Thursday, June 10, 2010

Capitalism is Perfect

In an excellent response to Thomas Frank's attack on Capitalism, Wendy Milling states:

Since politics concerns the nature of government, and the essence of government is force, the full politico-economic application of property rights is a system in which government protects an individual's property rights from violation by others, but does not itself violate them. Capitalism is the politico-economic system of private property rights. It connotes a system whereby property rights (and hence, the other rights) are respected objectively and completely.

Capitalism is perfect...

Assaults on capitalism are rooted in a crybaby metaphysics, and they rely on obfuscations, equivocations, and an attitude of militant evasion. One trick is to make inappropriate demands of capitalism, then stomp and pout and denounce capitalism when those demands are not met.
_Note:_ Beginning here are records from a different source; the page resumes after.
Ltac vext := apply: functional_extensionality => ?;
  unfold vsub, vadd, vscale, vzero; simpl; ring.

Section Euclid.
Context {n : nat}.
Implicit Types (u v z : vec n) (a : R).

Lemma dot_sym u v : dot u v = dot v u.
Proof. by apply: eq_bigr => i _; ring. Qed.

Lemma dot_addl u v z : dot (vadd u v) z = dot u z + dot v z.
Proof. by rewrite /dot -big_split; apply: eq_bigr => i _ /=; rewrite /vadd; ring. Qed.

Lemma dot_scalel a u z : dot (vscale a u) z = a * dot u z.
Proof. by rewrite /dot -sum_scal; apply: eq_bigr => i _ /=; rewrite /vscale; ring. Qed.

Lemma dot_subl u v z : dot (vsub u v) z = dot u z - dot v z.
Proof.
have -> : vsub u v = vadd u (vscale (-1) v) by vext.
by rewrite dot_addl dot_scalel; ring.
Qed.

Lemma dot_addr u v z : dot z (vadd u v) = dot z u + dot z v.
Proof. by rewrite dot_sym dot_addl !(dot_sym z). Qed.

Lemma dot_subr u v z : dot z (vsub u v) = dot z u - dot z v.
Proof. by rewrite dot_sym dot_subl !(dot_sym z). Qed.

Lemma dot_scaler a u z : dot z (vscale a u) = a * dot z u.
Proof. by rewrite dot_sym dot_scalel (dot_sym z). Qed.

Lemma dot_zeror z : dot z vzero = 0.
Proof.
have -> : (vzero : vec n) = vscale 0 vzero by vext.
by rewrite dot_scaler; ring.
Qed.

Lemma dot_zerol z : dot vzero z = 0.
Proof. by rewrite dot_sym dot_zeror. Qed.

Lemma dot_ge0 u : 0 <= dot u u.
Proof. by apply: sum_ge0 => i; nra. Qed.

Lemma norm2_ge0 u : 0 <= norm2 u.
Proof. exact: sqrt_pos. Qed.

Lemma norm2_sq u : norm2 u * norm2 u = dot u u.
Proof. by rewrite /norm2 sqrt_sqrt //; apply: dot_ge0. Qed.

Lemma norm2_pow2 u : norm2 u ^ 2 = dot u u.
Proof. by rewrite /= Rmult_1_r norm2_sq. Qed.

Lemma coord_sq u i : u i * u i <= dot u u.
Proof.
rewrite /dot (bigD1 i) //= -{1}(Rplus_0_r (u i * u i)); apply: Rplus_le_compat_l.
by apply: (big_ind (fun s => 0 <= s)) => [|s t|j _]; [lra|lra|nra].
Qed.

Lemma coord_le u i : Rabs (u i) <= norm2 u.
Proof.
have := coord_sq u i; rewrite -norm2_sq => H; have H0 := norm2_ge0 u.
by apply: Rabs_le; split; nra.
Qed.

Lemma dot_eq0 u : dot u u = 0 -> u = vzero.
Proof.
by move=> u0; apply: functional_extensionality => i; have := coord_sq u i; rewrite u0 /vzero; nra.
Qed.

Lemma cauchy_schwarz_sq u v : dot u v * dot u v <= dot u u * dot v v.
Proof.
have quad t : 0 <= dot u u - 2 * t * dot u v + t * t * dot v v.
  have := dot_ge0 (vsub u (vscale t v)).
  by rewrite !dot_subl !dot_subr !dot_scalel !dot_scaler (dot_sym v u); lra.
have := dot_ge0 u; have := dot_ge0 v => v0 u0.
case: (Req_dec (dot v v) 0) => [vv0|vv0].
  case: (Req_dec (dot u v) 0) => [-> | uv0]; first by rewrite vv0; lra.
  have := quad ((dot u u + 1) / (2 * dot u v)); rewrite vv0.
  have -> : 2 * ((dot u u + 1) / (2 * dot u v)) * dot u v = dot u u + 1 by field.
  lra.
have := quad (dot u v / dot v v).
have -> : dot u v / dot v v * (dot u v / dot v v) * dot v v = dot u v * (dot u v / dot v v)
  by field.
have -> : dot u v * (dot u v / dot v v) = dot u v * dot u v / dot v v by field.
move=> H; have vpos : 0 < dot v v by lra.
have : 0 <= (dot u u - 2 * (dot u v / dot v v) * dot u v + dot u v * dot u v / dot v v) * dot v v
  by apply: Rmult_le_pos; lra.
have -> : (dot u u - 2 * (dot u v / dot v v) * dot u v + dot u v * dot u v / dot v v) * dot v v
          = dot u u * dot v v - dot u v * dot u v by field.
lra.
Qed.
Lemma vnorm_unitary (I : finType) (U : I -> I -> C) (v : I -> C) : funitary U ->
  vnorm (fun i => \sum_j U i j * v j) = vnorm v.
Proof.
move=> [UU1 _]; apply/eqP; rewrite -(eqrXn2 (n := 2)) ?sqrtr_ge0 //.
apply/eqP/(@complexI R); rewrite !vnorm_sqrC.
transitivity (\sum_j \sum_j' v j * cconj (v j') * fmul (fadj U) U j' j).
  under eq_bigr do rewrite cconj_sum big_distrl /=.
  under eq_bigr do under eq_bigr do rewrite big_distrr /=.
  rewrite exchange_big; apply: eq_bigr => j _.
  rewrite exchange_big; apply: eq_bigr => j' _.
  rewrite /fmul /fadj big_distrr /=; apply: eq_bigr => i _; rewrite cconjM; ring.
by apply: eq_bigr => j _; under eq_bigr do rewrite UU1; rewrite sum_fidr.
Qed.
End Norms.

Section ScaledUnitary.
Local Open Scope classical_set_scope.
Variable R : realType.
Local Notation C := R[i].

Lemma vnorm_fid (I : finType) (i0 : I) : vnorm (@fid R I i0) = 1.
Proof.
apply/eqP; rewrite -(eqrXn2 (n := 2)) ?sqrtr_ge0 // expr1n.
apply/eqP/(@complexI R); rewrite vnorm_sqrC (bigD1 i0) //= big1 => [|i].
  by rewrite /fid eqxx (cconj_real 1) mulr1 addr0.
by rewrite /fid eq_sym => /negbTE ->; rewrite mul0r.
Qed.

Lemma opnorm_scale_unitary (I : finType) (i0 : I) (r : R) (U : I -> I -> C) :
  0 <= r -> funitary U -> opnorm (fscale r%:C%C U) = r.
Proof.
move=> r0 U_unitary.
have image_r (v : I -> C) : vnorm v = 1 ->
    vnorm (fun i => \sum_j fscale r%:C%C U i j * v j) = r.
  move=> v1; rewrite (_ : (fun i => _) = (fun i => r%:C%C * \sum_j U i j * v j)).
    by rewrite vnorm_scale vnorm_unitary // v1 mulr1 cnorm_real.
  apply: funext => i; rewrite big_distrr /=; apply: eq_bigr => j _; by rewrite mulrA.
rewrite /opnorm (_ : [set _ | _] = [set r]) ?sup1 //.
apply/seteqP; split=> [x [v [v1 ->]]|x ->] /=; first exact: image_r.
by exists (fid R i0); rewrite vnorm_fid image_r ?vnorm_fid.
Qed.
One of the irrational demands made on capitalism is to provide infinite abundance, usually in some particular object of the demander's whim. The world has finite resources, and man has limited time and is not omniscient. There cannot be an infinite abundance of anything. This is not a flaw in any proposed politico-economic system (especially capitalism, which provides the greatest abundance of all of them), and in fact has nothing to do with systems qua system at all. It is a feature of reality.

A corollary demand is the erasure of all poverty, suffering, and, by logical extension, inequality among man. Appealing to an irrational sense of guilt, this trick ascribes to political systems an implicit, incompatible mission: Make it so that absolutely everyone is healthy, educated, happy, and has all the resources he wants (or some do-gooder wants for him). It then pronounces capitalism as flawed when such conditions do not materialize. Some degree of economic malady exists and will continue to exist under any system, including capitalism. It is not the responsibility of capitalism to eliminate, and it is not a feature of capitalism, but of a special facet of reality: Man's free will

Read the rest here.

1 comment:

Anonymous said...

OK, Milling: "crybaby metaphysics, and they rely on obfuscations, equivocations, and an attitude of militant evasion." Let's consider the militant suporters of 'capitalism.' How about you defend those who subscribe to the individual rights, responsiblity and accountability but who own stocks in corporations and fail to advocate the aboition of the corporate form of business. Please pay close attention to and address the fact that corporations were created for the purpose of shielding investors from individual responsiblity and accountability. Once you have finished with this, please offer a detailed plan for implementing a fully voluntary support of government and explicitly address the problem of those who don't donate but choose to benefit free of charge.

I won't hold my breath. I don't think you or anyone in your 'philosophical' group has an answer. Philosophical gets the ' ' because it is to Ayn Rand's fictional works as "the force" is to star wars...marketing. If you have a rationale that can obviate my argumnents under the 'my neighbor's wealth is not mine' blog, I'm all ears.

Anonymous1

P.S. So far you guys are batting a thousand on not addressing my questions. Likewise, you are batting a thousand on repeating the things you have been told. It's very intellectual, advanced, and rational an logical and oh so superior of you of you all. Try stooping to my level and actually responding to my questions and challenges instead of ignoring them and bloviating on? Sorry I have to call you out on your evasiveness, but I really want to hear your ideas as opposed to your whining.

PPS feel free to go back through my posts to find the questions I have asked about how you intend to implement your utopia and make it practical, and answer them.